» DIRECTIONS:
Only one stretch of the records below is wanted: the lines from the one holding "by rewrite /bracket_kernel" through the one holding "Local Notation R := (RepPoly F N K).". Return it exactly, both ends included.

» DATA FOR PROCESSING:
========================
(* Let $A\in\mathbb{R}^{m\times N}$ and $K\subseteq[N]$. The following are equivalent: (i) $\ker(A)\cap N_K\cap H_K=\{0\}$; (ii) $\mathbb{1}_K$ is the unique solution of $(P_{\mathrm{bin}})$ with $b=A\mathbb{1}_K$. Moreover, if one of these holds, then $\mathbb{1}_K$ is the unique vector of minimal $\|\cdot\|_0$ among all $x\in\{0,1\}^N$ with $Ax=A\mathbb{1}_K$.
   Context: $[N]=\{1,\dots,N\}$; $\mathbb{1}_K$ is the vector with entries $1$ on $K$ and $0$ elsewhere; $K^C=[N]\setminus K$; for $w\in\mathbb{R}^N$ and $S\subseteq[N]$, $w_S$ denotes the vector agreeing with $w$ on $S$ and zero elsewhere; $\|x\|_0$ is the number of nonzero entries. $N_K=\{w\in\mathbb{R}^N:\|w_K\|_1\ge\|w_{K^C}\|_1\}$ and $H_K=\{w\in\mathbb{R}^N: w_i\le 0 \text{ for } i\in K,\ w_i\ge 0\text{ for } i\in K^C\}$. $(P_{\mathrm{bin}})$ is the program $\min\|x\|_1$ subject to $Ax=b$ and $x\in[0,1]^N$; ''unique solution'' means unique minimizer. *)

From mathcomp Require Import all_boot all_order all_algebra.
From mathcomp Require Import reals.
Set Implicit Arguments. Unset Strict Implicit. Unset Printing Implicit Defensive.
Import Order.TTheory GRing.Theory Num.Theory.
Local Open Scope ring_scope.

(* Vectors in R^N are column vectors 'cV[R]_N ; [N] is 'I_N (0-based). *)
Section Defs.
Variable R : realType.
Variable N : nat.

Definition indic (K : {set 'I_N}) : 'cV[R]_N :=
  \col_i (if i \in K then 1 else 0).

Definition restr (w : 'cV[R]_N) (S : {set 'I_N}) : 'cV[R]_N :=
  \col_i (if i \in S then w i 0 else 0).

Definition l1norm (x : 'cV[R]_N) : R := \sum_i `|x i 0|.

Definition l0norm (x : 'cV[R]_N) : nat := #|[set i | x i 0 != 0]|.

Definition inNK (K : {set 'I_N}) (w : 'cV[R]_N) : Prop :=
  l1norm (restr w (~: K)) <= l1norm (restr w K).

Definition inHK (K : {set 'I_N}) (w : 'cV[R]_N) : Prop :=
  forall i, (i \in K -> w i 0 <= 0) /\ (i \notin K -> 0 <= w i 0).

Definition Pbin_feasible m (A : 'M[R]_(m, N)) (b : 'cV[R]_m) (x : 'cV[R]_N) : Prop :=
  A *m x = b /\ forall i, 0 <= x i 0 <= 1.

Definition Pbin_unique_solution m (A : 'M[R]_(m, N)) (b : 'cV[R]_m)
    (x0 : 'cV[R]_N) : Prop :=
  Pbin_feasible A b x0 /\
  (forall x, Pbin_feasible A b x -> l1norm x0 <= l1norm x) /\
  (forall x, Pbin_feasible A b x -> l1norm x = l1norm x0 -> x = x0).

Definition binary (x : 'cV[R]_N) : Prop := forall i, x i 0 = 0 \/ x i 0 = 1.

End Defs.

From mathcomp Require Import all_boot all_order all_algebra.
From mathcomp Require Import reals.
From mathcomp Require Import lra.
Import Order.TTheory GRing.Theory Num.Theory.
Set Implicit Arguments. Unset Strict Implicit. Unset Printing Implicit Defensive.
Local Open Scope ring_scope.

(* Write a point of the box [0,1]^N as 1_K + w: the box constraint says exactly
   that w lies in H_K with |w_i| <= 1, and for such w the l1 norm is affine,
   ||1_K + w||_1 = ||1_K||_1 + ||w_{K^C}||_1 - ||w_K||_1.  Hence a feasible x
   does at least as well as 1_K iff x - 1_K lies in N_K, which together with
   x - 1_K in ker A gives (i) => (ii).  Conversely, a nonzero w in
   ker A, N_K and H_K, scaled down to have entries of size at most 1, yields a
   second minimizer 1_K + t w.  On binary vectors ||.||_0 = ||.||_1, so the
   last claim follows from (ii). *)

Section L1Geometry.
Variables (R : realType) (N : nat) (K : {set 'I_N}).

Definition unit_box (x : 'cV[R]_N) : Prop := forall i, 0 <= x i 0 <= 1.

Definition unit_bounded (w : 'cV[R]_N) : Prop := forall i, `|w i 0| <= 1.

Lemma l1norm_ge0 (x : 'cV[R]_N) : 0 <= l1norm x.
Proof. exact: sumr_ge0. Qed.

Lemma norm_entry_le_l1norm (x : 'cV[R]_N) i : `|x i 0| <= l1norm x.
Proof. by rewrite /l1norm (bigD1 i) //= lerDl sumr_ge0. Qed.

Lemma l1norm_restrZ (t : R) (w : 'cV[R]_N) (S : {set 'I_N}) : 0 <= t ->
  l1norm (restr (t *: w) S) = t * l1norm (restr w S).
Proof.
move=> t_ge0; rewrite /l1norm mulr_sumr; apply: eq_bigr => i _.
by rewrite !mxE; case: (i \in S); rewrite ?normr0 ?mulr0 // normrM ger0_norm.
Qed.

Lemma inNKZ (t : R) (w : 'cV[R]_N) : 0 <= t -> inNK K w -> inNK K (t *: w).
Proof. by move=> t_ge0; rewrite /inNK !l1norm_restrZ // => /ler_wpM2l; apply. Qed.

Lemma inHKZ (t : R) (w : 'cV[R]_N) : 0 <= t -> inHK K w -> inHK K (t *: w).
Proof.
move=> t_ge0 wH i; rewrite mxE; have [wK wKC] := wH i.
by split=> iK; [rewrite mulr_ge0_le0 ?wK | rewrite mulr_ge0 ?wKC].
Qed.

Lemma unit_boundedZ_l1norm (w : 'cV[R]_N) :
  unit_bounded ((1 + l1norm w)^-1 *: w).
Proof.
have pos : 0 < 1 + l1norm w by rewrite ltr_pwDl ?l1norm_ge0.
move=> i; rewrite mxE normrM ger0_norm; last by rewrite invr_ge0 ltW.
rewrite mulrC ler_pdivrMr // mul1r.
by apply: le_trans (norm_entry_le_l1norm w i) _; lra.
Qed.

Lemma unit_box_indicD (w : 'cV[R]_N) :
  inHK K w -> unit_bounded w -> unit_box (indic R K + w).
Proof.
move=> wH wb i; rewrite !mxE; have [wK wKC] := wH i; have := wb i.
case: (boolP (i \in K)) => iK.
  by have w_le0 := wK iK; rewrite ler0_norm // => ?; apply/andP; split; lra.
by have w_ge0 := wKC iK; rewrite ger0_norm // => ?; apply/andP; split; lra.
Qed.

Lemma inHK_subr_indic (x : 'cV[R]_N) : unit_box x -> inHK K (x - indic R K).
Proof.
move=> xbox i; rewrite !mxE; have /andP[x_ge0 x_le1] := xbox i.
by split=> iK; rewrite ?iK ?(negPf iK); lra.
Qed.

Lemma unit_bounded_subr_indic (x : 'cV[R]_N) :
  unit_box x -> unit_bounded (x - indic R K).
Proof.
move=> xbox i; rewrite !mxE; have /andP[x_ge0 x_le1] := xbox i.
by case: (i \in K); rewrite ler_norml; apply/andP; split; lra.
Qed.

Lemma l1norm_indicD (w : 'cV[R]_N) : inHK K w -> unit_bounded w ->
  l1norm (indic R K + w) + l1norm (restr w K) =
  l1norm (indic R K) + l1norm (restr w (~: K)).
Proof.
move=> wH wb; rewrite /l1norm -!big_split; apply: eq_bigr => i _ /=.
rewrite !mxE in_setC; have [wK _] := wH i; have := wb i.
case: (boolP (i \in K)) => iK /=; last by rewrite normr0 !add0r addr0.
have w_le0 := wK iK; rewrite ler0_norm // => w_geN1.
by rewrite ger0_norm ?normr1 ?normr0; lra.
Qed.

Lemma l1norm_indicD_le (w : 'cV[R]_N) : inHK K w -> unit_bounded w ->
  l1norm (indic R K + w) <= l1norm (indic R K) <-> inNK K w.
Proof.
move=> wH wb; rewrite /inNK -(lerD2r (l1norm (restr w K))) l1norm_indicD //.
by rewrite lerD2l.
Qed.

Lemma binary_indic : binary (indic R K).
Proof. by move=> i; rewrite mxE; case: (i \in K); [right | left]. Qed.

Lemma binary_unit_box (x : 'cV[R]_N) : binary x -> unit_box x.
Proof. by move=> xb i; case: (xb i) => ->; rewrite lexx ler01. Qed.

Lemma l0norm_binary (x : 'cV[R]_N) : binary x -> (l0norm x)%:R = l1norm x.
Proof.
move=> xb; rewrite /l1norm /l0norm (bigID (fun i => x i 0 != 0)) /=.
rewrite [X in _ + X]big1 => [|i /negPn/eqP ->]; last by rewrite normr0.
rewrite addr0 (eq_bigr (fun=> 1)) => [|i /negPf]; last first.
  by case: (xb i) => ->; rewrite ?eqxx // normr1.
by rewrite sumr_const; congr (_ *+ _); apply: eq_card => i; rewrite inE.
Qed.

End L1Geometry.

Section BinaryProgram.
Variables (R : realType) (m N : nat) (A : 'M[R]_(m, N)) (K : {set 'I_N}).

Definition null_space_property : Prop :=
  forall w : 'cV[R]_N, A *m w = 0 -> inNK K w -> inHK K w -> w = 0.

Let e := indic R K.

Lemma Pbin_feasible_indic : Pbin_feasible A (A *m e) e.
Proof. by split=> //; apply/binary_unit_box/binary_indic. Qed.

Lemma Pbin_feasible_l1norm_le (x : 'cV[R]_N) :
  null_space_property -> Pbin_feasible A (A *m e) x ->
  l1norm x <= l1norm e -> x = e.
Proof.
move=> nsp [Ax xbox] x_le.
have wH := inHK_subr_indic K xbox; have wb := unit_bounded_subr_indic K xbox.
have wN : inNK K (x - e) by apply/(l1norm_indicD_le wH wb); rewrite subrKC.
by apply/eqP; rewrite -subr_eq0; apply/eqP/nsp; rewrite // mulmxBr Ax subrr.
Qed.

Lemma null_space_property_Pbin_unique :
  null_space_property -> Pbin_unique_solution A (A *m e) e.
Proof.
move=> nsp; split; first exact: Pbin_feasible_indic.
split=> [x xfeas | x xfeas x_eq]; last first.
  by apply: Pbin_feasible_l1norm_le; rewrite ?x_eq.
have [//|x_lt] := leP (l1norm e) (l1norm x).
by have := x_lt; rewrite (Pbin_feasible_l1norm_le nsp xfeas (ltW x_lt)) ltxx.
Qed.

Lemma Pbin_unique_null_space_property :
  Pbin_unique_solution A (A *m e) e -> null_space_property.
Proof.
move=> [_ [emin euniq]] w Aw wN wH.
pose t := (1 + l1norm w)^-1.
have t_gt0 : 0 < t by rewrite invr_gt0 ltr_pwDl ?l1norm_ge0.
have twH := inHKZ (ltW t_gt0) wH.
have twb : unit_bounded (t *: w) by apply: unit_boundedZ_l1norm.
have xfeas : Pbin_feasible A (A *m e) (e + t *: w).
  split; last exact: unit_box_indicD.
  by rewrite mulmxDr -scalemxAr Aw scaler0 addr0.
have x_le : l1norm (e + t *: w) <= l1norm e.
  by apply/l1norm_indicD_le => //; apply: inNKZ (ltW t_gt0) wN.
have /addrI/eqP : e + t *: w = e + 0.
  by rewrite addr0; apply: euniq => //; apply/eqP; rewrite eq_le x_le emin.
by rewrite scaler_eq0 gt_eqF // => /eqP.
Qed.

Lemma Pbin_unique_l0norm_min (x : 'cV[R]_N) :
  Pbin_unique_solution A (A *m e) e -> binary x -> A *m x = A *m e ->
  (l0norm e <= l0norm x)%N /\ (l0norm x = l0norm e -> x = e).
Proof.
move=> [_ [emin euniq]] xb Ax.
have xfeas : Pbin_feasible A (A *m e) x by split; last exact: binary_unit_box.
have eb : binary e := binary_indic R K.
split; first by rewrite -(ler_nat R) !l0norm_binary // emin.
by move=> x_eq; apply: euniq; rewrite // -!l0norm_binary // x_eq.
Qed.

End BinaryProgram.

Theorem theorem2p3 (R : realType) (m N : nat) (A : 'M[R]_(m, N))
    (K : {set 'I_N}) :
  ((forall w : 'cV[R]_N, A *m w = 0 -> inNK K w -> inHK K w -> w = 0) <->
   Pbin_unique_solution A (A *m indic R K) (indic R K)) /\
  ((forall w : 'cV[R]_N, A *m w = 0 -> inNK K w -> inHK K w -> w = 0) ->
   binary (indic R K) /\
   forall x : 'cV[R]_N, binary x -> A *m x = A *m indic R K ->
     (l0norm (indic R K) <= l0norm x)%N /\
     (l0norm x = l0norm (indic R K) -> x = indic R K)).
Proof.
split.
  split; [exact: null_space_property_Pbin_unique |
          exact: Pbin_unique_null_space_property].
move=> /null_space_property_Pbin_unique euniq; split; first exact: binary_indic.
by move=> x; apply: Pbin_unique_l0norm_min.
Qed.
(* For every $n\ge1$, the map $\pi:\widehat{\mathcal{T}}_n\to\widehat{\mathcal{T}}_n$ is a bijection.
   Context: A plane binary tree is a finite rooted tree in which every vertex is either an endpoint (a leaf, with no children) or has exactly two children, an ordered left child and right child. Every non-root vertex is thus either a left descendent or a right descendent of its parent. The endpoints are ordered from left to right in the planar order. $\mathcal{T}_n$ denotes the set of plane binary trees with exactly $n+2$ endpoints. A last branching vertex of a plane binary tree is a non-endpoint vertex both of whose children are endpoints. For $n\ge1$ the root is never a last branching vertex. A marked tree is a pair $(T,v)$ with $T\in\mathcal{T}_n$ and $v$ a last branching vertex of $T$. The set of marked trees is $\widehat{\mathcal{T}}_n$. Definition of $\pi$. Let $(T,v)\in\widehat{\mathcal{T}}_n$, and let $a$ and $b$ be the left and right children of $v$ (both endpoints). Case 1: $v$ is a right child. - Delete the endpoint $a$ together with the edge $va$. The vertex $v$ and its remaining child $b$ are merged into a single endpoint, sitting at $v$'s position; this endpoint is a right child. The result is a tree with $n+1$ endpoints. - If $b$ was not the rightmost endpoint of $T$: let $L$ be the first endpoint to the right of this new endpoint that is a right child. Replace $L$ by a new internal vertex $w$ (still a right child, in $L$'s place) with two new endpoint children. - If $b$ was the rightmost endpoint of $T$: let $L$ be the rightmost endpoint of the reduced tree that is a left child. Replace $L$ by a new internal vertex $w$ (a left child, in $L$'s place) with two new endpoint children. - In either sub-case, $\pi(T,v)=(T',w)$, where $T'$ is the resulting tree and the mark is on $w$. Case 2: $v$ is a left child. Apply the mirror image of Case 1, exchanging left and right everywhere. - Delete $b$ and the edge $vb$, merging $v$ and $a$ into a single endpoint, which is a left child. - If $a$ was not the leftmost endpoint of $T$, graft a cherry (an internal vertex $w$ with two new endpoint children) onto the first left-child endpoint to its left. - Otherwise, graft the cherry onto the leftmost endpoint that is a right child. - Mark the new vertex $w$. *)

From mathcomp Require Import all_boot.
Set Implicit Arguments. Unset Strict Implicit. Unset Printing Implicit Defensive.
Lemma map_mx_derivationX n (A : 'M[R]_n) l :
  map_mx D (A ^+ l) = \sum_(t < l) A ^+ t *m map_mx D A *m A ^+ (l - t.+1).
Proof.
elim: l => [|l IHl].
  by rewrite big_ord0; apply/matrixP => i j; rewrite !mxE derivation_nat.
rewrite exprSr map_mx_derivationM IHl big_ord_recr /= subnn expr0 mulmx1 mulmx_suml.
congr (_ + _); apply: eq_bigr => t _.
by rewrite -mulmxA subSS -(subnSK (ltn_ord t)) exprSr.
Qed.

Lemma map_mx_derivation_mulmxX m n p (P : 'M[R]_(m, n)) (A : 'M[R]_n) (Q : 'M[R]_(n, p)) l :
  map_mx D (P *m A ^+ l *m Q) =
  map_mx D P *m A ^+ l *m Q
  + P *m (\sum_(t < l) A ^+ t *m map_mx D A *m A ^+ (l - t.+1)) *m Q
  + P *m A ^+ l *m map_mx D Q.
Proof. by rewrite !map_mx_derivationM map_mx_derivationX mulmxDl. Qed.

Lemma derivation_invn x k : x * k%:R = 1 -> D x = 0.
Proof.
move=> xk; have : D (x * k%:R) = 0 by rewrite xk; exact: (derivation_nat 1).
rewrite (derivationM dD) derivation_nat mulr0 addr0 => Dxk.
by rewrite -[D x]mulr1 -xk mulrA [D x * x]mulrC -mulrA Dxk mulr0.
Qed.

End DerivationTheory.
End Derivations.

Section WordMatrices.
Variables (R : comPzRingType) (m n : nat).
Variables (X : 'M[R]_(m, n)) (B : 'M[R]_n) (Y : 'M[R]_(n, m)).

Definition wmx k : 'M[R]_m := if k is j.+1 then X *m B ^+ j *m Y else 1%:M.

Definition wpair (c d : 'I_m) x y := wmx x *m delta_mx d c *m wmx y.

Lemma wmxS k : wmx k.+1 = X *m B ^+ k *m Y.
Proof. by []. Qed.

Lemma wmx_subS l t : (t < l)%N -> wmx (l - t) = X *m B ^+ (l - t.+1) *m Y.
Proof. by move=> ltl; rewrite -(subnSK ltl). Qed.

Section Parts.
Variables (k l : nat) (c d : 'I_m).
Local Notation E := (delta_mx d c).

Lemma wpair_antidiag_left :
  (- \sum_(t < l.+1) wmx (l - t) *m E *m (X *m B ^+ t)) *m B ^+ k *m Y
  = - antidiag_sum (wpair c d) (k + l).+1 0 l.+1.
Proof.
rewrite antidiag_sum_rev !mulNmx !mulmx_suml; congr (- _); apply: eq_bigr => t _.
have -> : ((k + l).+1 - (0 + (l.+1 - t.+1)) = (t + k).+1)%N by have := ltn_ord t; lia.
by rewrite add0n subSS /wpair wmxS exprD_mulmx !mulmxA.
Qed.

Lemma wpair_antidiag_middle :
  X *m (\sum_(t < k) B ^+ t *m ((B ^+ l *m Y) *m E *m X - Y *m E *m (X *m B ^+ l))
        *m B ^+ (k - t.+1)) *m Y
  = antidiag_sum (wpair c d) (k + l).+1 l.+1 k - antidiag_sum (wpair c d) (k + l).+1 1 k.
Proof.
rewrite /antidiag_sum -sumrB mulmx_sumr mulmx_suml; apply: eq_bigr => t _.
have -> : ((k + l).+1 - (l.+1 + t) = k - t)%N by lia.
have -> : ((k + l).+1 - (1 + t) = (l + (k - t.+1)).+1)%N by have := ltn_ord t; lia.
have -> : (l.+1 + t = (t + l).+1)%N by lia.
rewrite /wpair (wmx_subS (ltn_ord t)) add1n !wmxS !exprD_mulmx.
by rewrite !(mulmxBl, mulmxBr) !mulmxA.
Qed.

Lemma wpair_antidiag_right :
  X *m B ^+ k *m (\sum_(t < l.+1) (B ^+ (l - t) *m Y) *m E *m wmx t)
  = antidiag_sum (wpair c d) (k + l).+1 k.+1 l.+1.
Proof.
rewrite antidiag_sum_rev mulmx_sumr; apply: eq_bigr => t _.
have -> : ((k + l).+1 - (k.+1 + (l.+1 - t.+1)) = t)%N by have := ltn_ord t; lia.
by rewrite subSS addSn /wpair wmxS exprD_mulmx !mulmxA.
Qed.

End Parts.

Lemma wpair_subE c d x y a b :
  (wpair c d x y - wpair c d y x) a b = wmx x a d * wmx y c b - wmx y a d * wmx x c b.
Proof. by rewrite addmxE oppmxE !mul_delta_mulmxE. Qed.

Lemma bracket_kernel_wpair0l c d l a b :
  bracket_kernel (wpair c d) 0 l a b = wmx l.+1 a d * wmx 0 c b - wmx 0 a d * wmx l.+1 c b.
Proof. by rewrite bracket_kernel0l wpair_subE. Qed.

Lemma bracket_kernel_wpairl0 c d k a b :
  bracket_kernel (wpair c d) k 0 a b = wmx k.+1 a d * wmx 0 c b - wmx 0 a d * wmx k.+1 c b.
Proof. by rewrite bracket_kernell0 wpair_subE. Qed.

Lemma bracket_kernel_wpairSS c d k l a b :
  (bracket_kernel (wpair c d) k.+1 l - bracket_kernel (wpair c d) k l.+1) a b
  = (wmx l.+1 a d * wmx k.+1 c b - wmx k.+1 a d * wmx l.+1 c b) *+ 2.
Proof. by rewrite bracket_kernelSS mulr2n addmxE wpair_subE. Qed.

Lemma bracket_relation_of_kernel (h : R) (T : nat -> 'I_m -> 'I_m -> R)
    (P : nat -> nat -> R) (a b c d : 'I_m) :
  h * 2%:R = 1 ->
  (forall x y, T 0 x y = wmx 0 x y) -> (forall k x y, T k.+1 x y = h ^+ k * wmx k.+1 x y) ->
  (forall i j, P i.+1 j.+1 = h ^+ (i + j)%N * bracket_kernel (wpair c d) i j a b) ->
  (forall j, P 0 j = 0) -> (forall i, P i 0 = 0) ->
  forall i j, P i.+1 j - P i j.+1 = T j a d * T i c b - T i a d * T j c b.
Proof.
move=> h2 T0 TS PSS P0 Q0 [|i] [|j].
- by rewrite P0 Q0 !subrr.
- by rewrite PSS P0 subr0 bracket_kernel_wpair0l add0n !TS !T0; ring.
- by rewrite Q0 sub0r PSS addn0 bracket_kernel_wpairl0 !TS !T0; ring.
rewrite !PSS addSn addnS -mulrBr -oppmxE -addmxE bracket_kernel_wpairSS !TS.
transitivity (h ^+ i * h ^+ j * (h * 2%:R)
  * (wmx j.+1 a d * wmx i.+1 c b - wmx i.+1 a d * wmx j.+1 c b)).
  by rewrite exprS exprD; ring.
by rewrite h2 mulr1; ring.
Qed.

Section Derivative.
Variables (D : R -> R) (dD : derivation D).

(* In the next three lemmas D is the bracket with an entry of X, of Y and of B
   respectively; in map_mx_derivation_wmx it is the bracket with (wmx l.+1) c d. *)
Lemma map_mx_derivation_wmx_X (i : 'I_n) (a : 'I_m) l :
  map_mx D X = 0 -> map_mx D Y = - delta_mx i a -> map_mx D B = - (delta_mx i a *m X) ->
  map_mx D (wmx l.+1) = - \sum_(t < l.+1) X *m B ^+ t *m delta_mx i a *m wmx (l - t).
Proof.
move=> DX DY DB; rewrite wmxS map_mx_derivation_mulmxX // DX DY DB !mul0mx add0r.
rewrite big_ord_recr /= subnn opprD mulmx1 mulmxN; congr (_ - _).
rewrite mulmx_sumr mulmx_suml -sumrN; apply: eq_bigr => t _.
by rewrite (wmx_subS (ltn_ord t)) !(mulmxN, mulNmx) !mulmxA.
Qed.

Lemma map_mx_derivation_wmx_Y (j : 'I_n) (b : 'I_m) l :
  map_mx D X = delta_mx b j -> map_mx D Y = 0 -> map_mx D B = Y *m delta_mx b j ->
  map_mx D (wmx l.+1) = \sum_(t < l.+1) wmx t *m delta_mx b j *m (B ^+ (l - t) *m Y).
Proof.
move=> DX DY DB; rewrite wmxS map_mx_derivation_mulmxX // DX DY DB mulmx0 addr0.
rewrite big_ord_recl /= subn0 mul1mx mulmxA; congr (_ + _).
by rewrite mulmx_sumr mulmx_suml; apply: eq_bigr => t _; rewrite !mulmxA.
Qed.

Lemma map_mx_derivation_wmx_B (p q : 'I_n) l :
  map_mx D X = X *m delta_mx q p -> map_mx D Y = - (delta_mx q p *m Y) -> map_mx D B = 0 ->
  map_mx D (wmx l.+1) = X *m delta_mx q p *m (B ^+ l *m Y) - X *m B ^+ l *m delta_mx q p *m Y.
Proof.
move=> DX DY DB; rewrite wmxS map_mx_derivation_mulmxX // DX DY DB.
rewrite big1 => [|t _]; last by rewrite mulmx0 mul0mx.
by rewrite mulmx0 mul0mx addr0 mulmxN !mulmxA.
Qed.

Lemma map_mx_derivation_wmx k l c d :
  map_mx D X = - \sum_(t < l.+1) wmx (l - t) *m delta_mx d c *m (X *m B ^+ t) ->
  map_mx D Y = \sum_(t < l.+1) (B ^+ (l - t) *m Y) *m delta_mx d c *m wmx t ->
  map_mx D B = (B ^+ l *m Y) *m delta_mx d c *m X - Y *m delta_mx d c *m (X *m B ^+ l) ->
  map_mx D (wmx k.+1) = bracket_kernel (wpair c d) k l.
Proof.
move=> DX DY DB; rewrite wmxS map_mx_derivation_mulmxX // DX DY DB.
rewrite wpair_antidiag_left wpair_antidiag_middle wpair_antidiag_right.
by rewrite /bracket_kernel addrA (ACl ((4*2)*1*3)).
Qed.

End Derivative.
End WordMatrices.

Lemma derivation_mderiv n (R : comNzRingType) (u : 'I_n) : derivation (@mderiv n R u).
Proof. by split=> f g; rewrite ?mderivB ?mderivM. Qed.

Lemma mderiv_mpolyX n (R : nzRingType) (u v : 'I_n) : mderiv u ('X_v : {mpoly R[n]}) = (v == u)%:R.
Proof.
rewrite mderivX mnm1E; case: eqP => [->|_]; last by rewrite scale0r.
have -> : (U_(u) - U_(u) = 0)%MM by apply/mnmP => j; rewrite mnmBE mnm0E subnn.
by rewrite mpolyX0 scale1r.
Qed.

Lemma mxvec_index_eq m n (i i' : 'I_m) (j j' : 'I_n) :
  (mxvec_index i j == mxvec_index i' j') = (i == i') && (j == j').
Proof.
by rewrite /mxvec_index (inj_eq (@cast_ord_inj _ _ _)) (inj_eq (@enum_rank_inj _)).
Qed.

Definition var_eqE := (eq_lshift, eq_rshift, eq_lrshift, eq_rlshift, mxvec_index_eq).

Section PoissonBracket.
Variables (F : numClosedFieldType) (N K : nat).
Local Notation R := (RepPoly F N K).
Local Notation Bm := (Bmx F N K).
Local Notation Psi := (Psimx F N K).
Local Notation Psibar := (Psibarmx F N K).
Local Notation Bt := (Btilde F N K).
Implicit Types f g h : R.

Lemma pbr_derivation_l g : derivation (fun f => pbr f g).
Proof.
apply: derivation_add.
  apply: derivation_big => i; apply: derivation_big => a.
  by apply: derivation_sub; apply: derivation_mulr; apply: derivation_mderiv.
apply: derivation_big => m; apply: derivation_big => n.
apply: derivation_big => p; apply: derivation_big => q.
by do 2!apply: derivation_mulr; apply: derivation_mderiv.
Qed.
========================
» RESULT BELOW:
by rewrite /bracket_kernel addrA (ACl ((4*2)*1*3)).
Qed.

End Derivative.
End WordMatrices.

Lemma derivation_mderiv n (R : comNzRingType) (u : 'I_n) : derivation (@mderiv n R u).
Proof. by split=> f g; rewrite ?mderivB ?mderivM. Qed.

Lemma mderiv_mpolyX n (R : nzRingType) (u v : 'I_n) : mderiv u ('X_v : {mpoly R[n]}) = (v == u)%:R.
Proof.
rewrite mderivX mnm1E; case: eqP => [->|_]; last by rewrite scale0r.
have -> : (U_(u) - U_(u) = 0)%MM by apply/mnmP => j; rewrite mnmBE mnm0E subnn.
by rewrite mpolyX0 scale1r.
Qed.

Lemma mxvec_index_eq m n (i i' : 'I_m) (j j' : 'I_n) :
  (mxvec_index i j == mxvec_index i' j') = (i == i') && (j == j').
Proof.
by rewrite /mxvec_index (inj_eq (@cast_ord_inj _ _ _)) (inj_eq (@enum_rank_inj _)).
Qed.

Definition var_eqE := (eq_lshift, eq_rshift, eq_lrshift, eq_rlshift, mxvec_index_eq).

Section PoissonBracket.
Variables (F : numClosedFieldType) (N K : nat).
Local Notation R := (RepPoly F N K).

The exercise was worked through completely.